Isadora Duncan, the Twin Towers in New York, or the inauguration of Theodore Roosevelt as the 26th President of the United States: it is not Duncan's terrible death that serves as an artistic model, but rather her grace in dancing and choreography; it is not the crashing of the airplane into the building, but the devastation in New York days and even weeks afterwards. Roosevelt smilingly waves at the public, but his designation is inextricably connected to the assassination of his predecessor, William McKinley. The artist creates images whose ominous content first becomes visible via the contextualization in the titles. The causes and effects of an event are, in his work, of greater relevance than the precise moment of the occurrence.

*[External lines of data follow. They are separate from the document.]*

(* Let $\ell\ge 1$ be an integer and let $D_{2m}=\langle u,v : u^m=e=v^2,\ vu=u^{m-1}v\rangle$ denote the dihedral group of order $2m$. Let $(a_1,\dots,a_{2\ell})$ be a graceful permutation of length $2\ell$ with sequence of absolute differences $(b_1,\dots,b_{2\ell-1})$, and let $(c_1,\dots,c_{2\ell+1})$ be a graceful permutation of length $2\ell+1$ with sequence of absolute differences $(d_1,\dots,d_{2\ell})$. Then: 1. if $a_{2\ell}=\ell$, then $D_{8\ell+2}$ has a sequencing with first element $u^{b_1}$; 2. if $a_1=\ell$ and $a_{2\ell}=\ell-1$, then $D_{8\ell+2}$ has a sequencing with first element $u^{b_1}$ and a sequencing with first element $u^{b_{2\ell-1}}$; 3. if $c_1=\ell$ and $c_{2\ell+1}=\ell-1$, then $D_{8\ell+6}$ has a sequencing with first element $u^{d_1}$ and a sequencing with first element $u^{d_{2\ell}}$.
   Context: A graceful permutation of length $n$ is an arrangement $(a_1,\dots,a_n)$ of the integers $\{0,1,\dots,n-1\}$ such that its sequence of absolute differences $(|a_2-a_1|,|a_3-a_2|,\dots,|a_n-a_{n-1}|)$ consists of the integers $\{1,\dots,n-1\}$. A sequencing of a finite group $G$ with identity $e$ is an ordering $(g_1,\dots,g_{|G|-1})$ of the elements of $G\setminus\{e\}$ such that the partial products $e, g_1, g_1g_2,\dots,g_1\cdots g_{|G|-1}$ are pairwise distinct. *)

From mathcomp Require Import all_boot all_order all_algebra.
Set Implicit Arguments. Unset Strict Implicit. Unset Printing Implicit Defensive.
Import GRing.Theory.

Definition absdiff (x y : nat) : nat := (x - y) + (y - x).

Definition absdiffs (a : seq nat) : seq nat :=
  [seq absdiff (nth 0 a i.+1) (nth 0 a i) | i <- iota 0 (size a).-1].

Definition graceful (n : nat) (a : seq nat) : bool :=
  perm_eq a (iota 0 n) && perm_eq (absdiffs a) (iota 1 n.-1).

(* Dihedral group D_{2m} of order 2m, m >= 2, realized as Z_m x| Z_2:
   the pair (i, s) stands for u^i v^s (u of order m, v^2 = e, vu = u^{m-1}v). *)
Definition dihedral (m : nat) := ('Z_m * bool)%type.

Definition dmul (m : nat) (x y : dihedral m) : dihedral m :=
  ((if x.2 then x.1 - y.1 else x.1 + y.1)%R, x.2 (+) y.2).

Definition dunit (m : nat) : dihedral m := (0%R, false).

Definition du (m k : nat) : dihedral m := (k%:R%R, false).

Definition is_sequencing (T : finType) (mul : T -> T -> T) (e : T) (g : seq T) : bool :=
  perm_eq g (enum [pred x : T | x != e]) && uniq (e :: scanl mul e g).

Definition has_sequencing_from (T : finType) (mul : T -> T -> T) (e x : T) : Prop :=
  exists g : seq T, is_sequencing mul e (x :: g).

(* A sequencing of a finite group G amounts to a directed terrace: a listing h_0, ..., h_{|G|-1}
   of G whose quotients h_t^{-1} h_{t+1} are pairwise distinct.  These quotients are then exactly
   the nonidentity elements, and in this order they form a sequencing with first element
   h_0^{-1} h_1, whose partial products are the h_0^{-1} h_t.
   For D_{2m} with m = 2n + 1 the terrace is assembled from a graceful permutation a of length n,
   written once on rotations u^{a_i} and once, reversed, on reflections u^{k - a_i} v.  The
   quotients inside these two blocks are u^{a_{i+1} - a_i} and u^{a_i - a_{i+1}}, so each
   rotation u^{+-d}, 0 < d < n, occurs exactly once.  An explicit block alternating between the
   remaining rotations and reflections supplies u^{+-n} and all reflections as quotients.  The
   automorphism u |-> u^{-1} fixes the sign of the first element.  The other sequencings come
   from the same construction applied to the complement n - 1 - a_i or to the reversal of the
   graceful permutation; for m = 4l + 3 the middle block depends on a_0, hence two variants. *)

From mathcomp Require Import all_boot all_order all_algebra zify ring.
Set Implicit Arguments. Unset Strict Implicit. Unset Printing Implicit Defensive.

(** * Sequencings from directed terraces *)

Lemma pairmap_iota (T U : Type) (f : T -> T -> U) (h : nat -> T) k n :
  pairmap f (h k) [seq h t | t <- iota k.+1 n] = [seq f (h t) (h t.+1) | t <- iota k n].
Proof. by elim: n k => [|n IHn] k //=; rewrite IHn. Qed.

Lemma inj_below_wlog_le (T : Type) (f : nat -> T) N :
  (forall t t', t <= t' -> t' < N -> f t = f t' -> t = t') ->
  forall t t', t < N -> t' < N -> f t = f t' -> t = t'.
Proof.
move=> inj_le t t' lt_t lt_t' eq_f; case: (leqP t t') => [le | /ltnW le].
  exact: inj_le.
exact/esym/inj_le.
Qed.

Section Sequencings.
Variables (T : finType) (mul : T -> T -> T) (e : T) (inv : T -> T).
Hypothesis mulA : associative mul.
Hypothesis mul1 : left_id e mul.
Hypothesis mulV : forall x, mul (inv x) x = e.

Let quot x y := mul (inv x) y.

Lemma mulxV x : mul x (inv x) = e.
Proof.
have Vx := mulV (inv x).
by rewrite -[mul x _]mul1 -{1}Vx -mulA [mul (inv x) _]mulA mulV mul1 Vx.
Qed.

Lemma mulx1 x : mul x e = x.
Proof. by rewrite -(mulV x) mulA mulxV mul1. Qed.

Lemma mulx_inj x : injective (mul x).
Proof. by move=> y z E; rewrite -(mul1 y) -(mul1 z) -(mulV x) -!mulA E. Qed.

Lemma mul_quot x y : mul x (quot x y) = y.
Proof. by rewrite /quot mulA mulxV mul1. Qed.

Lemma quot_quot x y z : quot (quot x y) (quot x z) = quot y z.
Proof.
apply: (@mulx_inj (quot x y)).
by rewrite mul_quot /quot mulA -(mulA (inv x)) mulxV mulx1.
Qed.

Lemma quot_eq1 x y : (quot x y == e) = (x == y).
Proof.
apply/eqP/eqP => [E | ->]; last exact: mulV.
by rewrite -(mul_quot x y) E mulx1.
Qed.

Lemma perm_nonunit (g : seq T) : uniq g -> e \notin g -> size g = #|T|.-1 ->
  perm_eq g (enum [pred x | x != e]).
Proof.
move=> uniq_g g_e size_g; apply: uniq_perm => //; first exact: enum_uniq.
have sub_g : {subset g <= enum [pred x | x != e]}.
  by move=> x gx; rewrite mem_enum inE; apply: contraNneq g_e => <-.
have [] // := uniq_min_size uniq_g sub_g.
by rewrite -cardE cardC1 size_g.
Qed.

Lemma is_sequencingP (g : seq T) :
  reflect [/\ uniq g, e \notin g, size g = #|T|.-1 & uniq (e :: scanl mul e g)]
          (is_sequencing mul e g).
Proof.
apply: (iffP andP) => [[perm_g uniq_prods] | [uniq_g g_e size_g uniq_prods]].
  split=> //; first by rewrite (perm_uniq perm_g) enum_uniq.
    by rewrite (perm_mem perm_g) mem_enum inE eqxx.
  by rewrite (perm_size perm_g) -cardE cardC1.
by rewrite perm_nonunit.
Qed.

Lemma has_sequencing_from_morph (f : T -> T) x :
  injective f -> {morph f : y z / mul y z} -> f e = e ->
  has_sequencing_from mul e x -> has_sequencing_from mul e (f x).
Proof.
move=> inj_f fM f1 [g /is_sequencingP [uniq_g g_e size_g uniq_prods]].
have scanl_f y s : scanl mul (f y) (map f s) = map f (scanl mul y s).
  by elim: s y => //= z s IHs y; rewrite -fM IHs.
exists (map f g); apply/is_sequencingP; split.
- by rewrite -map_cons map_inj_uniq.
- by rewrite -map_cons -f1 mem_map.
- by rewrite -map_cons size_map.
- by rewrite -map_cons -{1 2}f1 scanl_f -map_cons map_inj_uniq.
Qed.

Lemma has_sequencing_from_terrace (h : nat -> T) : 1 < #|T| ->
  (forall t t', t < #|T| -> t' < #|T| -> h t = h t' -> t = t') ->
  (forall t t', t < #|T|.-1 -> t' < #|T|.-1 ->
     quot (h t) (h t.+1) = quot (h t') (h t'.+1) -> t = t') ->
  has_sequencing_from mul e (quot (h 0) (h 1)).
Proof.
move=> T_gt1 inj_h inj_quots; set N := #|T|.-1.
have N_gt0 : 0 < N by rewrite /N; lia.
pose h0 t := quot (h 0) (h t).
(* The sequencing consists of the quotients of h0, whose partial products are h0 1, h0 2, ... *)
have quots_h0 : pairmap quot e [seq h0 t | t <- iota 1 N]
                = [seq quot (h t) (h t.+1) | t <- iota 0 N].
  rewrite -(mulV (h 0)) -/(h0 0) pairmap_iota.
  by apply: eq_map => t; rewrite quot_quot.
exists [seq quot (h t) (h t.+1) | t <- iota 1 N.-1].
rewrite (_ : _ :: _ = [seq quot (h t) (h t.+1) | t <- iota 0 N]); last first.
  by rewrite -(prednK N_gt0).
apply/is_sequencingP; split.
- rewrite map_inj_in_uniq ?iota_uniq // => t t'.
  by rewrite !mem_iota => /andP [_ lt_t] /andP [_ lt_t']; apply: inj_quots.
- apply/mapP => -[t]; rewrite mem_iota => /andP [_ lt_t] /esym /eqP.
  by rewrite quot_eq1 => /eqP /inj_h; lia.
- by rewrite size_map size_iota.
rewrite -quots_h0 (pairmapK mul_quot) -(mulV (h 0)) -/(h0 0) -map_cons.
rewrite -[0 :: _]/(iota 0 N.+1) map_inj_in_uniq ?iota_uniq // => t t'.
rewrite !mem_iota => /andP [_ lt_t] /andP [_ lt_t'] /mulx_inj; apply: inj_h; lia.
Qed.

It is the confrontation with catastrophes which has greatly occupied Milak most recently, and which is tangible in an extended form in the Bosnian pavilion of this year's Venice Biennale. In contrast to the majority of solo presentations by the countries, Milak expands his contribution in that, in addition to his own monographic show, he invites international artists, curators and writers to a direct dialogue. The goal, as stated in the accompanying publication, is the creation of a collective space for the transfer of knowledge and imagination.

The preferred artistic media for his black-and-white series are generally watercolors, but he also works with painting, drawing, installations and animations. The image as topos and the uninterrupted, multi-media flood of images are the principal considerations of his praxis. Milak questions the historical and contemporary realities in that he transfers the over-medicalization, and the hype often generated from it, into a type of fiction by means of his technical virtuosity. Especially in those moments when the contours threaten to dissolve, as in an out-of-focus photo, the impression emerges of a resolution, which is also contextual.